===== DATA FOR THE TASK =====

(* The recurrence with denominators cleared, for a = s + 2; it holds for all
   0 <= m <= a, the extreme values of m being read off the boundary minors. *)
Lemma key_identity s (m : int) (n : int) : 0 <= m -> m <= s.+2%:Z ->
  cdet r1 s.+2 m n * rdet r1 s.+1 n * rdet r1 s.+1 (n + 1)
  = cdet r1 s.+1 m n * rdet r1 s.+2 n * rdet r1 s.+1 (n + 1)
    + rdet r1 s.+1 n * rdet r1 s.+2 (n + 1) * cdet r1 s.+1 (m - 1) n
    + rdet r1 s.+2 n * rdet r1 s.+2 (n + 1) * cdet r1 s (m - 1) n.
Proof.
case: m => [m|//] _; rewrite lez_nat; case: m => [|q] q_le.
  by rewrite !cdet_empty !cdet_out //; ring.
have -> : q.+1%:Z - 1 = q by rewrite -addn1 PoszD addrK.
have [->|q_lt] := eqVneq q s.+1.
  by rewrite !cdet_full !cdet_out ?lez_nat ?ltnn ?andbF //; ring.
have q_le' : (q <= s)%N by rewrite -ltnS ltn_neqAle q_lt.
have E1 := @hankel_plucker _ r1 n s q q_le' (rdet_neq0 _ _).
have E2 := @hankel_desnanot_jacobi _ r1 n s q q_le' (rdet_neq0 _ _).
set R := rdet r1 s.+2 n in E1 E2 *; set Rp := rdet r1 s.+2 (n + 1) in E1 E2 *.
set R1 := rdet r1 s.+1 n in E2 *; set R1p := rdet r1 s.+1 (n + 1) in E1 E2 *.
set be := cdet r1 s.+1 q.+1 (n + 1) in E1 E2.
(* the identity is R1 * (I) + R * (II) *)
apply/eqP; rewrite -subr_eq0; apply/eqP.
transitivity (R1 * (R1p * cdet r1 s.+2 q.+1 n - Rp * cdet r1 s.+1 q n - R * be)
              + R * (be * R1 - cdet r1 s.+1 q.+1 n * R1p - Rp * cdet r1 s q n)).
  by ring.
by rewrite -E1 -E2 !subrr !mulr0 addr0.
Qed.
End NormalizedMinors.

Theorem mainTheorem5 (K : fieldType) (r1 : int -> K)
  (hr : forall (a : nat) (n : int), (1 <= a)%N -> rdet r1 a n != 0) :
  (forall (a : nat) (m : int) (n : int), (2 <= a)%N -> 0 <= m -> m <= a%:Z ->
     CC r1 a m n = CC r1 a.-1 m n + yy r1 (2 * a).-1 n * CC r1 a.-1 (m - 1) n
                   + yy r1 (2 * a).-2 n * CC r1 a.-2 (m - 1) n)
  /\ (forall (a : nat) (n : int), CC r1 a 0 n = 1).
Proof.
have nz := rdet_neq0 hr.
split => [a m n a_ge2 m_ge0 m_le | a n]; last by rewrite CCE // cdet_empty divff.
have [s a_eq] : exists s, a = s.+2 by exists a.-2; case: a a_ge2 {m_le} => [|[|a]].
subst a; rewrite yy_odd yy_even !CCE // /vv /=.
have key := key_identity hr n m_ge0 m_le.
have R1R1p : rdet r1 s.+1 n * rdet r1 s.+1 (n + 1) != 0 by rewrite mulf_neq0.
rewrite -[cdet r1 s.+2 m n](mulfK R1R1p) mulrA key.
by field; rewrite !nz.
Qed.
Lemma convex_combDr (R : pzRingType) (V : lmodType R) (a b c : V) (t : R) :
  t *: (a + c) + (1 - t) *: (b + c) = t *: a + (1 - t) *: b + c.
Proof. by rewrite !scalerDr addrACA -scalerDl subrKC scale1r. Qed.

Section Convexity.
Variables (R : realFieldType) (m : nat).
Implicit Types (S : seq 'cV[R]_m) (C P Q : 'cV[R]_m -> Prop).

Definition convex C :=
  forall x y (t : R), C x -> C y -> 0 <= t <= 1 -> C (t *: x + (1 - t) *: y).

Lemma conv_convex S : convex (conv S).
Proof.
move=> _ _ t [w [w0 [w1 ->]]] [u [u0 [u1 ->]]] /andP[t0 t1].
exists (fun i => t * w i + (1 - t) * u i); split; [|split].
- by move=> i; rewrite addr_ge0 ?mulr_ge0 ?subr_ge0.
- by rewrite big_split /= -!mulr_sumr w1 u1 !mulr1 subrKC.
- rewrite !scaler_sumr -big_split /=; apply: eq_bigr => i _.
  by rewrite [RHS]scalerDl !scalerA.
Qed.

Lemma mem_conv S i : (i < size S)%N -> conv S S`_i.
Proof.
move=> iS; exists (fun k => (val k == i)%:R); split; [|split].
- by move=> k; rewrite ler0n.
- rewrite (bigD1 (Ordinal iS)) //= eqxx big1 ?addr0 // => k /negbTE.
  by rewrite -val_eqE /= => ->.
- rewrite (bigD1 (Ordinal iS)) //= eqxx scale1r big1 ?addr0 // => k /negbTE.
  by rewrite -val_eqE /= => ->; rewrite scale0r.
Qed.

Lemma conv_sub_convex C S : convex C -> (forall i, (i < size S)%N -> C S`_i) ->
  forall x, conv S x -> C x.
Proof.
move=> convC; elim: S => [|a S IH] CS _ [w [w0 [w1 ->]]].
  by move: w1; rewrite big_ord0 => /eqP; rewrite eq_sym oner_eq0.
rewrite big_ord_recl /=; move: w1; rewrite big_ord_recl /=.
set t := w ord0; set r := \sum_(i < size S) w (lift ord0 i) => w1.
have r0 : 0 <= r by apply: sumr_ge0 => i _.
have rE : r = 1 - t by rewrite -w1 addrC addKr.
have [r_eq0|r_neq0] := eqVneq r 0.
  have w_lift0 i : w (lift ord0 i) = 0.
    exact: (psumr_eq0P (fun k _ => w0 (lift ord0 k)) r_eq0).
  rewrite big1 ?addr0 => [|i _]; last by rewrite w_lift0 scale0r.
  by move: w1; rewrite r_eq0 addr0 => ->; rewrite scale1r; apply: (CS 0%N).
pose y := \sum_(i < size S) (w (lift ord0 i) / r) *: S`_i.
have Cy : C y.
  apply: IH => [i iS|]; first exact: (CS i.+1).
  exists (fun i => w (lift ord0 i) / r); split; [|split] => //.
  - by move=> i; rewrite divr_ge0.
  - by rewrite -mulr_suml divff.
have -> : \sum_(i < size S) w (lift ord0 i) *: (a :: S)`_(lift ord0 i) = (1 - t) *: y.
  rewrite -rE scaler_sumr; apply: eq_bigr => i _.
  by rewrite scalerA mulrC divfK.
apply: convC => //; first exact: (CS 0%N).
by rewrite w0 -subr_ge0 -rE.
Qed.

Lemma msum_convex P Q : convex P -> convex Q -> convex (msum P Q).
Proof.
move=> cP cQ _ _ t [a [b [Pa [Qb ->]]]] [a' [b' [Pa' [Qb' ->]]]] t01.
exists (t *: a + (1 - t) *: a'), (t *: b + (1 - t) *: b'); split; [|split].
- exact: cP.
- exact: cQ.
- by rewrite !scalerDr addrACA.
Qed.

Lemma bigmsum_convex (I : Type) (F : I -> 'cV[R]_m -> Prop) (L : seq I) :
  (forall i, convex (F i)) -> convex (bigmsum (map F L)).
Proof.
move=> cF; elim: L => [|i L IH] /=; last exact: msum_convex.
by move=> _ _ t -> -> _; rewrite !scaler0 addr0.
Qed.

Lemma bigmsum_sum (I : Type) (F : I -> 'cV[R]_m -> Prop) (L : seq I) (f : I -> 'cV[R]_m) :
  (forall i, F i (f i)) -> bigmsum (map F L) (\sum_(i <- L) f i).
Proof.
move=> Ff; elim: L => [|i L IH] /=; first by rewrite big_nil.
by rewrite big_cons; exists (f i), (\sum_(j <- L) f j).
Qed.

Lemma conv2_segment (a b y : 'cV[R]_m) : conv [:: a; b] y ->
  exists2 t : R, 0 <= t <= 1 & y = t *: a + (1 - t) *: b.
Proof.
move=> [w [w0 [w1 ->]]]; rewrite !big_ord_recl !big_ord0 !addr0 /= in w1 *.
exists (w ord0); last by rewrite -w1 [w ord0 + _]addrC addrK.
by rewrite w0 -w1 lerDl w0.
Qed.

End Convexity.

Section Permutohedron.
Variables (R : realFieldType) (n : nat).
Implicit Types (s : 'I_n -> nat) (i j k : 'I_n).

Definition score_vec s : 'cV[R]_n := \col_k (s k).+1%:R.

Lemma permutohedron_convex : convex (@permutohedron R n).
Proof. exact: conv_convex. Qed.

Lemma permutohedron_perm (s : 'S_n) : permutohedron (score_vec (fun k => s k)).
Proof.
set P := enum [set: 'S_n]; have sP : s \in P by rewrite mem_enum inE.
have := @mem_conv R n [seq score_vec (fun k => s' k) | s' : 'S_n <- P] (index s P).
by rewrite size_map index_mem sP (nth_map s) ?index_mem // nth_index //; apply.
Qed.

Lemma score_vec_transfer_mid s i j : (0 < s i)%N -> (0 < s j)%N ->
  score_vec s =
  2^-1 *: score_vec (transfer s i j) + (1 - 2^-1) *: score_vec (transfer s j i).
Proof.
move=> si sj; apply/matrixP => k l; rewrite !mxE -!natr1.
have := congr1 (fun m => m%:R : R) (transfer_add k si sj).
rewrite /= -muln2 natrD natrM => /(canRL (addrK _)) ->.
by field.
Qed.

Lemma landau_score_permutohedron s : landau_score s -> permutohedron (score_vec s).
Proof.
have [N] := ubnP (n ^ 3 - sumsq s)%N; elim: N s => // N IH s ltN Ls.
pose f k := Ordinal (landau_score_lt k Ls).
have [/injectiveP f_inj|/injectivePn[i [j ij fij]]] := boolP (injectiveb f).
  have := permutohedron_perm (perm f_inj).
  by congr permutohedron; apply/matrixP => k l; rewrite !mxE permE.
have sij : s i = s j by move: fij => /(congr1 val).
have sj := landau_score_tie_gt0 Ls ij sij.
have si : (0 < s i)%N by rewrite sij.
have ji : j != i by rewrite eq_sym.
have IHt i' j' : i' != j' -> s i' = s j' -> (0 < s j')%N ->
    permutohedron (score_vec (transfer s i' j')).
  move=> ij' sij' sj'; have Ls' := transfer_landau ij' sij' Ls.
  have := sumsq_landau_le Ls'; rewrite sumsq_transfer // => le_n3.
  by apply: IH Ls'; rewrite sumsq_transfer //; lia.
rewrite (score_vec_transfer_mid si sj); apply: permutohedron_convex.
- exact: IHt.
- exact: IHt ji (esym sij) si.
- by rewrite invr_ge0 ler0n invf_le1 ?ler1n ?ltr0n.
Qed.

End Permutohedron.

Arguments score_vec {R n} s.

Section NewtonPolytope.
Variables (R : realFieldType) (n : nat).
Implicit Types (s : 'I_n -> nat) (x : 'cV[R]_(n + n)).

Definition arc (i j : 'I_n) : 'cV[R]_(n + n) := col_mx (delta_mx i 0) (delta_mx j 0).

Definition edge (p : 'I_n * 'I_n) := conv [:: arc p.1 p.2; arc p.2 p.1].

Lemma newtU_edges : @newtU R n = bigmsum (map edge (ltpairs n)).
Proof.
congr bigmsum; apply: eq_map => p.
by rewrite /edge /arc /ev !delta_mx_ushift !delta_mx_dshift !add_col_mx !addr0 !add0r.
Qed.

Lemma newtU_convex : convex (@newtU R n).
Proof. by rewrite newtU_edges; apply: bigmsum_convex => p; apply: conv_convex. Qed.

Lemma bigmsum_edges_halves L x : bigmsum (map edge L) x ->
  usubmx x + dsubmx x = \sum_(p <- L) (delta_mx p.1 0 + delta_mx p.2 0).
Proof.
elim: L x => [|p L IH] x /=; first by move=> ->; rewrite big_nil !linear0 addr0.
move=> [_ [b [/conv2_segment [t _ ->] [Lb ->]]]].
rewrite big_cons -(IH b Lb) !linearD !linearZ /= !col_mxKu !col_mxKd.
by apply/matrixP => k l; rewrite !mxE; ring.
Qed.

Lemma newtU_halves x : newtU x -> usubmx x + dsubmx x = const_mx (n.-1)%:R.
Proof.
rewrite newtU_edges => /bigmsum_edges_halves ->; apply/matrixP => k l.
rewrite summxE mxE -(sum_ltpairs_degree k) natr_sum; apply: eq_bigr => p _.
by rewrite !mxE (ord1 l) eqxx !andbT natrD ![k == _]eq_sym.
Qed.

Lemma score_vec_incr s i :
  score_vec (fun k => s k + (k == i))%N = delta_mx i 0 + score_vec s :> 'cV[R]_n.
Proof. by apply/matrixP => k l; rewrite !mxE (ord1 l) eqxx andbT -addSn natrD addrC. Qed.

=====

▶ _ACTION ITEM_
Nothing beyond the line that contains "have E1 := @hankel_plucker" belongs in the answer; reproduce the entries exactly from their first line through it.

▶ _WRITTEN SOLUTION_
(* The recurrence with denominators cleared, for a = s + 2; it holds for all
   0 <= m <= a, the extreme values of m being read off the boundary minors. *)
Lemma key_identity s (m : int) (n : int) : 0 <= m -> m <= s.+2%:Z ->
  cdet r1 s.+2 m n * rdet r1 s.+1 n * rdet r1 s.+1 (n + 1)
  = cdet r1 s.+1 m n * rdet r1 s.+2 n * rdet r1 s.+1 (n + 1)
    + rdet r1 s.+1 n * rdet r1 s.+2 (n + 1) * cdet r1 s.+1 (m - 1) n
    + rdet r1 s.+2 n * rdet r1 s.+2 (n + 1) * cdet r1 s (m - 1) n.
Proof.
case: m => [m|//] _; rewrite lez_nat; case: m => [|q] q_le.
  by rewrite !cdet_empty !cdet_out //; ring.
have -> : q.+1%:Z - 1 = q by rewrite -addn1 PoszD addrK.
have [->|q_lt] := eqVneq q s.+1.
  by rewrite !cdet_full !cdet_out ?lez_nat ?ltnn ?andbF //; ring.
have q_le' : (q <= s)%N by rewrite -ltnS ltn_neqAle q_lt.
have E1 := @hankel_plucker _ r1 n s q q_le' (rdet_neq0 _ _).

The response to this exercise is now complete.